**TRY IT:**
In the listing below, find each line that holds the string "memA" and copy it.

*** Begin section ***

(* A duplicate-free family is in conical position as soon as every linear
   relation among its members with at most one negative coefficient is
   trivial: both a convex combination giving 0 and an expression of one
   member in the positive hull of the others are such relations. *)
Lemma conical_of_relations (R : realFieldType) (n : nat) (A : seq 'rV[R]_n) :
  uniq A ->
  (forall c, at_most_one_negative A c ->
     \sum_(x <- A) c x *: x = 0 -> forall x, x \in A -> c x = 0) ->
  conical_position A.
Proof.
move=> uA trivial_rel; split.
  case=> c [c_ge0 [c_sum1 hc]].
  have c0 := trivial_rel c (fun x _ xA _ _ => or_introl (c_ge0 x xA)) (esym hc).
  by move: c_sum1; rewrite big_seq big1 => [/eqP|x /c0 //]; rewrite eq_sym oner_eq0.
move=> a aA [c [c_ge0 hc]].
have memA x : x \in rem a A = (x != a) && (x \in A) by rewrite mem_rem_uniq // inE.
pose c' x := if x == a then -1 else c x.
have c'_sign : at_most_one_negative A c'.
  move=> x y xA yA; rewrite /c'; case: (eqVneq x a) => [-> | xa] ay.
    by right; rewrite eq_sym (negbTE ay) c_ge0 // memA eq_sym ay.
  by left; apply: c_ge0; rewrite memA xa.
have rel_c' : \sum_(x <- A) c' x *: x = 0.
  rewrite (perm_big _ (perm_to_rem aA)) big_cons /c' eqxx scaleN1r.
  rewrite big_seq_cond (eq_bigr (fun x => c x *: x)); last first.
    by move=> x /andP[]; rewrite memA => /andP[/negbTE ->].
  by rewrite -big_seq_cond -hc; apply: addNr.
have := trivial_rel c' c'_sign rel_c' a aA; rewrite /c' eqxx.
by move/eqP; rewrite oppr_eq0 oner_eq0.
Qed.

(* Sign bookkeeping for the relations of Lemmas conical_two_points and
   conical_one_point: the displayed equalities are the vertex coordinates of
   a relation, and the disjunctions say that at most one coefficient is
   negative. *)
Lemma two_point_signs (R : realFieldType) (P Q cj ck la lj lk mb mk : R) :
  0 < la -> 0 < mb -> 0 < mk -> la < lj -> la <= lk ->
  P * la = Q * mb -> P * la = P * lj + cj -> P * la = P * lk + Q * mk + ck ->
  0 <= P \/ 0 <= Q -> 0 <= P \/ 0 <= cj -> 0 <= Q \/ 0 <= cj -> 0 <= ck \/ 0 <= cj ->
  P = 0 /\ Q = 0.
Proof.
move=> la0 mb0 mk0 laj lak hb hj hk PQ Pj Qj kj.
case: (lerP 0 cj) => [cj0 | cjN].
  (* P >= 0 (as P la = Q mb) and P (lj - la) = - cj <= 0. *)
  have P0 : 0 <= P by case: PQ => // Q0; nra.
  have P_0 : P = 0 by nra.
  by split => //; nra.
(* P, Q, ck >= 0 and P (lk - la) + Q mk + ck = 0. *)
have [P0 Q0 ck0] : [/\ 0 <= P, 0 <= Q & 0 <= ck] by split; lra.
have Q_0 : Q = 0 by nra.
by split => //; nra.
Qed.

Lemma one_point_sign (R : realFieldType) (P co cj ca lm lj la : R) :
  0 < lm -> lm < lj -> lm < la ->
  P * lm = co -> P * lm = P * lj + cj -> P * lm = P * la + ca ->
  0 <= P \/ 0 <= co -> 0 <= P \/ 0 <= cj -> 0 <= ca \/ 0 <= cj ->
  P = 0.
Proof.
move=> lm0 lmj lma ho hj ha Po Pj aj.
(* If cj < 0 then P, ca >= 0 and P (la - lm) = - ca; otherwise P >= 0 (as
   P lm = co) and P (lj - lm) = - cj. *)
case: (lerP 0 cj) => [cj0 | cjN]; last by nra.
have P0 : 0 <= P by case: Po => // ?; nra.
nra.
Qed.

Section Simplex.
Variables (R : realFieldType) (n : nat) (e : 'I_n.+1 -> 'rV[R]_n).
Hypothesis e_aff : affinely_independent e.
Hypothesis e_sum0 : \sum_(i < n.+1) e i = 0.

Lemma vertex_relation_const (w : 'I_n.+1 -> R) :
  \sum_i w i *: e i = 0 -> forall u v, w u = w v.
Proof.
move=> hw u v; set m := (\sum_i w i) / n.+1%:R.
have n1_neq0 : n.+1%:R != 0 :> R by rewrite pnatr_eq0.
have sum_shift0 : \sum_(i < n.+1) (w i - m) = 0.
  by rewrite sumrB sumr_const card_ord -mulr_natr /m divfK // subrr.
have comb_shift0 : \sum_(i < n.+1) (w i - m) *: e i = 0.
  under eq_bigr => i _ do rewrite scalerBl.
  by rewrite sumrB hw -scaler_sumr e_sum0 scaler0 subrr.
have shift0 := e_aff sum_shift0 comb_shift0.
by have := shift0 u; have := shift0 v; lra.
Qed.

Lemma vertex_inj : injective e.
Proof.
move=> u v euv; apply/eqP/negPn/negP => neq_uv.
pose w i : R := (i == u)%:R - (i == v)%:R.
have delta x : \sum_i (i == x)%:R *: e i = e x.
  rewrite (bigD1 x) //= eqxx scale1r big1 ?addr0 // => i /negbTE ->.
  exact: scale0r.
have hw : \sum_i w i *: e i = 0.
  under eq_bigr => i _ do rewrite scalerBl.
  by rewrite sumrB !delta euv subrr.
have := vertex_relation_const hw u v.
by rewrite /w !eqxx (negbTE neq_uv) eq_sym (negbTE neq_uv) /=; lra.
Qed.

Definition zext (S : {set 'I_n.+1}) (l : 'I_n.+1 -> R) i := if i \in S then l i else 0.

Lemma sum_zext (S : {set 'I_n.+1}) l :
  \sum_(i in S) l i *: e i = \sum_i zext S l i *: e i.
Proof.
rewrite big_mkcond; apply: eq_bigr => i _; rewrite /zext.
by case: (i \in S); rewrite ?scale0r.
Qed.

Lemma zext_in (S : {set 'I_n.+1}) l i : i \in S -> zext S l i = l i.
Proof. by rewrite /zext => ->. Qed.

Lemma zext_out (S : {set 'I_n.+1}) l i : i \notin S -> zext S l i = 0.
Proof. by rewrite /zext => /negbTE ->. Qed.

Lemma zext_ge0 (S : {set 'I_n.+1}) l :
  (forall i, i \in S -> 0 < l i) -> forall i, 0 <= zext S l i.
Proof. by move=> l_gt0 i; rewrite /zext; case: ifP => // /l_gt0 /ltW. Qed.

Lemma support_coef_pos v S : is_support e v S ->
  exists l, (forall i, i \in S -> 0 < l i) /\ v = \sum_(i in S) l i *: e i.
Proof.
case=> [[l [l_ge0 hv]] minS]; exists l; split => // i iS.
rewrite lt0r l_ge0 // andbT; apply/negP => /eqP li0.
apply: (minS (S :\ i)); first exact: properD1.
exists l; split => [x /setD1P[_ /l_ge0] //|].
rewrite hv (bigD1 i) //= li0 scale0r add0r.
by apply: eq_bigl => x; rewrite !inE andbC.
Qed.

(* A support never contains all vertices: a positive combination of all of
   them can be shifted by its least coefficient times sum_i e_i = 0. *)
Lemma support_proper v S : is_support e v S -> exists o, o \notin S.
Proof.
move=> sv; case: (sv) => _ minS.
have [o|allS] := pickP [pred o | o \notin S]; first by exists o.
have ST : S = setT by apply/setP => i; move: (allS i) => /= /negbFE ->; rewrite inE.
have [l [l_gt0 hv]] := support_coef_pos sv.
have [m _ m_min] := @arg_minP _ _ 'I_n.+1 ord0 xpredT l isT.
exfalso; apply: (minS (S :\ m)); first by apply: properD1; rewrite ST inE.
exists (fun i => l i - l m); split => [x _|]; first by rewrite subr_ge0 m_min.
have drop_m : \sum_(i in [set: 'I_n.+1] :\ m) (l i - l m) *: e i
              = \sum_i (l i - l m) *: e i.
  rewrite [RHS](bigD1 m) //= subrr scale0r add0r.
  by apply: eq_bigl => x; rewrite !inE andbT.
rewrite hv ST drop_m; under [RHS]eq_bigr do rewrite scalerBl.
by rewrite sumrB -scaler_sumr e_sum0 scaler0 subr0; apply: eq_bigl => x; rewrite inE.
Qed.

Lemma support_unique v S1 S2 : is_support e v S1 -> is_support e v S2 -> S1 = S2.
Proof.
move=> s1 s2.
have [l1 [l1_gt0 h1]] := support_coef_pos s1.
have [l2 [l2_gt0 h2]] := support_coef_pos s2.
have [o1 o1S1] := support_proper s1; have [o2 o2S2] := support_proper s2.
pose w i := zext S1 l1 i - zext S2 l2 i.
have hw : \sum_i w i *: e i = 0.
  under eq_bigr => i _ do rewrite scalerBl.
  by rewrite sumrB -!sum_zext -h1 -h2 subrr.
have w0 i : w i = 0.
  have := vertex_relation_const hw i o1; have := vertex_relation_const hw i o2.
  have := zext_ge0 l1_gt0 o2; have := zext_ge0 l2_gt0 o1.
  by rewrite /w /zext (negbTE o1S1) (negbTE o2S2); lra.
apply/setP => i; move: (w0 i); rewrite /w /zext.
case: (boolP (i \in S1)) => i1; case: (boolP (i \in S2)) => i2 //.
  by have := l1_gt0 _ i1; lra.
by have := l2_gt0 _ i2; lra.
Qed.

Lemma vertex_support i : e i != 0 -> is_support e (e i) [set i].
Proof.
move=> ei_neq0; split; first by exists (fun _ => 1); rewrite big_set1 scale1r.
move=> S' /proper_card; rewrite cards1 ltnS leqn0 => /eqP /cards0_eq ->.
by case=> l [_]; rewrite big_set0 => /eqP; rewrite (negbTE ei_neq0).
Qed.

Lemma scaled_coords p (S : {set 'I_n.+1}) c0 l :
  0 < c0 -> c0 *: p = \sum_(i in S) l i *: e i ->
  p = \sum_i (zext S l i / c0) *: e i.
Proof.
move=> c0_gt0 hp; rewrite -[p]scale1r -(mulVf (lt0r_neq0 c0_gt0)) -scalerA hp.
rewrite sum_zext scaler_sumr; apply: eq_bigr => i _.
by rewrite scalerA mulrC.
Qed.

Definition family (xs : seq 'rV[R]_n) (T : {set 'I_n.+1}) : seq 'rV[R]_n :=
  xs ++ [seq e i | i <- enum T].

Lemma family_size xs T : size (family xs T) = (size xs + #|T|)%N.
Proof. by rewrite size_cat size_map cardE. Qed.

Lemma family_uniq xs T :
  uniq xs -> (forall x i, x \in xs -> x != e i) -> uniq (family xs T).
Proof.
move=> uxs xs_nv; rewrite cat_uniq uxs map_inj_uniq ?enum_uniq ?andbT //=.
  by apply/hasPn => _ /mapP[i _ ->]; apply/negP => /(xs_nv _ i); rewrite eqxx.
exact: vertex_inj.
Qed.

Lemma point_in_family xs (T : {set 'I_n.+1}) x : x \in xs -> x \in family xs T.
Proof. by rewrite mem_cat => ->. Qed.

Lemma vertex_in_family xs (T : {set 'I_n.+1}) i : i \in T -> e i \in family xs T.
Proof. by move=> iT; rewrite mem_cat map_f ?orbT // mem_enum. Qed.

Lemma family_sign_point_vertex xs (T : {set 'I_n.+1}) c x i :
  uniq (family xs T) -> at_most_one_negative (family xs T) c ->
  x \in xs -> i \in T -> 0 <= c x \/ 0 <= c (e i).
Proof.
rewrite cat_uniq => /and3P[_ /hasPn disj _] c_sign xxs iT.
apply: c_sign; [exact: point_in_family | exact: vertex_in_family |].
by apply: contraTneq xxs => ->; apply: disj; rewrite map_f ?mem_enum.
Qed.

Lemma family_sign_vertices xs (T : {set 'I_n.+1}) c i i' :
  at_most_one_negative (family xs T) c ->
  i \in T -> i' \in T -> i != i' -> 0 <= c (e i) \/ 0 <= c (e i').
Proof.
move=> c_sign iT i'T ii'; apply: c_sign; [exact: vertex_in_family.. |].
by apply: contra ii' => /eqP /vertex_inj ->.
Qed.

Definition rel_coord (xs : seq 'rV[R]_n) (coord : 'rV[R]_n -> 'I_n.+1 -> R)
    (T : {set 'I_n.+1}) (c : 'rV[R]_n -> R) i :=
  \sum_(x <- xs) c x * coord x i + zext T (fun i => c (e i)) i.

Lemma family_relation xs coord T c :
  (forall x, x \in xs -> x = \sum_i coord x i *: e i) ->
  \sum_(x <- family xs T) c x *: x = 0 ->
  forall i j, rel_coord xs coord T c i = rel_coord xs coord T c j.
Proof.
move=> xs_coord rel0; apply: vertex_relation_const; rewrite -[RHS]rel0.
rewrite big_cat big_map big_enum /= sum_zext.
under eq_bigr => i _ do rewrite scalerDl scaler_suml.
rewrite big_split /= exchange_big /=; congr (_ + _).
rewrite [RHS]big_seq [LHS]big_seq; apply: eq_bigr => x /xs_coord x_eq.
by rewrite [X in _ = _ *: X]x_eq scaler_sumr; apply: eq_bigr => i _; rewrite scalerA.
Qed.

Lemma family_relation_trivial xs coord T c :
  (forall x, x \in xs -> c x = 0) -> (forall i, rel_coord xs coord T c i = 0) ->
  forall x, x \in family xs T -> c x = 0.
Proof.
move=> c_xs0 coord0 x; rewrite mem_cat => /orP[/c_xs0 //|/mapP[i]].
rewrite mem_enum => iT ->; move: (coord0 i); rewrite /rel_coord /zext iT.
by rewrite big_seq big1 ?add0r // => y /c_xs0 ->; rewrite mul0r.
Qed.

Lemma conical_two_points p q (cp cq : 'I_n.+1 -> R) a b j k :
  p = \sum_i cp i *: e i -> q = \sum_i cq i *: e i ->
  uniq (family [:: p; q] (~: [set a; b])) ->
  0 < cp a -> cq a = 0 -> 0 < cq b -> cp b = 0 ->
  cp a < cp j -> cq j = 0 -> cp a <= cp k -> 0 < cq k ->
  conical_position (family [:: p; q] (~: [set a; b])).
Proof.
move=> hp hq uF cpa cqa cqb cpb cpj cqj cpk cqk; set T := ~: [set a; b].
have aT : a \notin T by rewrite !inE eqxx.
have bT : b \notin T by rewrite !inE eqxx orbT.
have jT : j \in T.
  by rewrite !inE negb_or; apply/andP; split; apply/eqP => ej; move: cpj; rewrite ej; lra.
have kT : k \in T.
  rewrite !inE negb_or; apply/andP; split; apply/eqP => ek.
    by move: cqk; rewrite ek; lra.
  by move: cpk; rewrite ek; lra.
have kj : k != j by apply: contraTneq cqk => ->; rewrite cqj ltxx.
have pq : p != q by move: uF => /= /andP[]; rewrite inE negb_or => /andP[].
apply: conical_of_relations => // c c_sign rel0.
pose coord x := if x == p then cp else cq.
have coord_ok x : x \in [:: p; q] -> x = \sum_i coord x i *: e i.
  by rewrite !inE /coord => /orP[]/eqP->; rewrite ?eqxx // eq_sym (negbTE pq).
have W_val i : rel_coord [:: p; q] coord T c i
               = c p * cp i + c q * cq i + zext T (fun i => c (e i)) i.
  by rewrite /rel_coord !big_cons big_nil /coord eqxx eq_sym (negbTE pq) addr0.
have W := family_relation coord_ok rel0.
have sign_pt := family_sign_point_vertex uF c_sign.
have [P0 Q0] : c p = 0 /\ c q = 0.
  apply: (@two_point_signs _ _ _ (c (e j)) (c (e k)) (cp a) (cp j) (cp k) (cq b) (cq k)) => //.
  - by have := W a b; rewrite !W_val !zext_out // cqa cpb; lra.
  - by have := W a j; rewrite !W_val zext_out // zext_in // cqa cqj; lra.
  - by have := W a k; rewrite !W_val zext_out // zext_in // cqa; lra.
  - by apply: (c_sign _ _ _ _ pq); apply: point_in_family; rewrite !inE eqxx ?orbT.
  - by apply: sign_pt jT; rewrite inE eqxx.
  - by apply: sign_pt jT; rewrite !inE eqxx orbT.
  - exact: family_sign_vertices c_sign kT jT kj.
apply: (family_relation_trivial (coord := coord)) => [x|i].
  by rewrite !inE => /orP[]/eqP->.
by rewrite (W i a) W_val zext_out // P0 Q0 !mul0r !addr0.
Qed.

*** End section ***

**WRITTEN REPLY:**
have memA x : x \in rem a A = (x != a) && (x \in A) by rewrite mem_rem_uniq // inE.
    by right; rewrite eq_sym (negbTE ay) c_ge0 // memA eq_sym ay.
  by left; apply: c_ge0; rewrite memA xa.
    by move=> x /andP[]; rewrite memA => /andP[/negbTE ->].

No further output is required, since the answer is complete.